In questo gioco è ben chiaro il continuo entrare e uscire che c’è tra il personaggio e l’attore Timpano (che qui addirittura interpreta con tanto di parrucca o maschera due personaggi effettivi), attraverso la storia come un personaggio delle fiabe, disperso nei meandri di un periodo storico che fa da cesura netta fra due epoche, lui ci porta il suo passo leggero, quasi aleatorio, ma forse il solo possibile, quello in grado di rendere una storia “davvero vera” – per tanta fiction –, almeno plausibile.
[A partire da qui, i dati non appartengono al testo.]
Lemma simple_head_to_hnf_steps k M n y args c N :
  steps (head_red simple_redex) k M (hnf n y args) -> steps beta c M N ->
  exists j args' cf, steps head_step j N (hnf n y args') /\ steps_list cf args args' /\
    j <= k /\ k <= j + (c - cf) /\ cf <= c.
Proof.
  revert M c N; induction k; intros M c N H HN; inversion H as [|? ? M' ? HM HM']; subst.
  - destruct (hnf_steps_inv _ _ _ _ _ HN) as [args' [-> L]].
    exists 0, args', c. repeat split; auto; [constructor | lia].
  - destruct (simple_head_step_simulation _ _ _ _ HM HN)
      as [[N' [c' [Hh [Hs Hc]]]] | [c' [Hs Hc]]].
    + destruct (IHk _ _ _ HM' Hs) as [j [args' [cf [? [? [? [? ?]]]]]]].
      exists (S j), args', cf. repeat split; auto; [econstructor; eauto | lia | lia | lia].
    + destruct (IHk _ _ _ HM' Hs) as [j [args' [cf [? [? [? [? ?]]]]]]].
      exists j, args', cf. repeat split; auto; lia.
Qed.

(** * Clocks of Böhm trees can only decrease along reduction *)

Section SpineTree.
Variable y : nat.

(* A copy of the local fixpoint of [BTc], with [y] a section variable so that
   [BTc_unfold] holds by conversion. *)
Fixpoint spine_tree (ann : option nat) (n : nat) (rargs : list term)
    (q : position) {struct q} : option node :=
  match n with
  | S n' => match q with
            | [] => Some (LLam, ann)
            | D0 :: q' => spine_tree None n' rargs q'
            | _ => None
            end
  | 0 => match rargs with
         | [] => match q with [] => Some (LVar y, ann) | _ => None end
         | A :: rargs' => match q with
                          | [] => Some (LApp, ann)
                          | D1 :: q' => spine_tree None 0 rargs' q'
                          | D2 :: q' => BTc A q'
                          | _ => None
                          end
         end
  end.

End SpineTree.

Lemma BTc_unfold M p : BTc M p =
  match hnf_data M with
  | None => match p with [] => Some (LBot, None) | _ => None end
  | Some (k, n, y, args) => spine_tree y (Some k) n (rev args) p
  end.
Proof. destruct p; simpl; destruct (hnf_data M) as [[[[k n] y] args]|]; reflexivity. Qed.

Definition ann_le (a a' : option nat) : Prop :=
  match a, a' with
  | None, None => True
  | Some k, Some k' => k <= k'
  | _, _ => False
  end.

Definition node_le (o o' : option node) : Prop :=
  match o, o' with
  | None, None => True
  | Some (l, a), Some (l', a') => l = l' /\ ann_le a a'
  | _, _ => False
  end.

Lemma spine_tree_le N q y ann1 ann2 n r1 r2 s : length q <= N -> ann_le ann2 ann1 ->
  Forall2_sum (fun A B _ => forall q', length q' < N -> node_le (BTc B q') (BTc A q')) r1 r2 s ->
  node_le (spine_tree y ann2 n r2 q) (spine_tree y ann1 n r1 q).
Proof.
  revert ann1 ann2 n r1 r2 s.
  induction q as [|d q IH]; intros ann1 ann2 n r1 r2 s Hl Ha HF; simpl in Hl.
  - destruct n; simpl; [destruct HF|]; simpl; auto.
  - destruct n; simpl.
    + destruct HF as [|A B c r1 r2 s HAB HF]; simpl; auto.
      destruct d; simpl; auto. eapply IH; eauto; simpl; auto; lia.
    + destruct d; simpl; auto. eapply IH; eauto; simpl; auto; lia.
Qed.

Lemma BTc_red_le M L p : red M L -> node_le (BTc L p) (BTc M p).
Proof.
  enough (H : forall N M L p, red M L -> length p < N -> node_le (BTc L p) (BTc M p))
    by (intros; eapply H; eauto).
  clear. induction N; intros M L p HR Hp; [lia|].
  rewrite !BTc_unfold. destruct (hnf_data_cases M) as [[E1 H1] | [k [n [y [args [E1 H1]]]]]].
  - assert (HL : ~ has_hnf L) by (intro; apply H1; eapply red_has_hnf; eauto).
    rewrite E1, (hnf_data_none _ HL). destruct p; simpl; auto.
  - destruct HR as [c HR].
    destruct (head_to_hnf_steps _ _ _ _ _ _ _ H1 HR) as [j [args' [cf [Hj [Hl Hjk]]]]].
    rewrite E1, (hnf_data_some L j n y args' Hj).
    apply (spine_tree_le N _ _ _ _ _ _ _ cf); [lia | simpl; auto|].
    apply Forall2_sum_rev. eapply Forall2_sum_impl; [|exact Hl].
    intros A B c0 HAB q' Hq'. apply IHN; auto. exists c0; auto.
Qed.

(** * Simple terms: clocks drop at only finitely many positions *)

Definition ann_lt (a a' : option nat) : Prop :=
  match a, a' with Some k, Some k' => k < k' | _, _ => False end.

Definition clock_drop (o o' : option node) : Prop :=
  match o, o' with Some (_, a), Some (_, a') => ann_lt a' a | _, _ => False end.

(* Finite sets of positions are represented by duplicate-free lists. *)
Definition drops_le (N : nat) (T T' : ctree) (c : nat) : Prop :=
  forall ps : list position, NoDup ps ->
    (forall p, In p ps -> length p < N /\ clock_drop (T p) (T' p)) -> length ps <= c.

Lemma drops_le_mono N N' T T' c : N <= N' -> drops_le N' T T' c -> drops_le N T T' c.
Proof. intros HN H ps HS HD. apply H; auto. intros p Hp. destruct (HD p Hp); split; auto; lia. Qed.

Definition dir_eqb (d e : dir) : bool :=
  match d, e with D0, D0 | D1, D1 | D2, D2 => true | _, _ => false end.

Lemma dir_eqb_spec d e : dir_eqb d e = true <-> d = e.
Proof. destruct d, e; simpl; split; congruence. Qed.

Definition subpositions (d : dir) (ps : list position) : list position :=
  flat_map (fun p => match p with e :: q => if dir_eqb d e then [q] else [] | [] => [] end) ps.

Lemma In_subpositions d ps q : In q (subpositions d ps) <-> In (d :: q) ps.
Proof.
  unfold subpositions. rewrite in_flat_map. split.
  - intros [[|e p] [Hp Hq]]; simpl in Hq; [tauto|].
    destruct (dir_eqb d e) eqn:E; simpl in Hq; [|tauto].
    apply dir_eqb_spec in E as ->. destruct Hq as [-> | []]; auto.
  - intros H. exists (d :: q). split; auto. destruct d; simpl; auto.
Qed.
Lo spettacolo gode dunque di una ricerca particolarmente appuntita e di una purezza d’intento, la struttura caotica misura proprio la credibilità di quanto diamo per scontato al proposito della materia in questione; non è forse giusto estrapolare un momento cardine in un lavoro così, ma la presenza della famosa Renault 4 rossa telecomandata e il monologo di Renato Curcio sono grandi punti di forza; soltanto da segnalare è l’eccessiva lunghezza (se ne coglie l’intento e la bontà in molto meno tempo) e un finale farraginoso che merita approfondimento e fluidità (fuori anche dall’errore tecnico che in questa occasione l’ha compromesso). Timpano dunque torna nella storia; all’apparenza se ne dichiara ogni volta sconfitto nell’equidistanza, ma la sua indagine rigenera un pensiero atrofizzato, in lui e in chi ascolta. Merito a lui, dunque, di caricarsi tutta sulle spalle questa storia che “è qui davanti a voi. È rimasta così com’è”. Non resta che affondarci, o almeno rendersi conto di quanto, affondati, lo siamo già.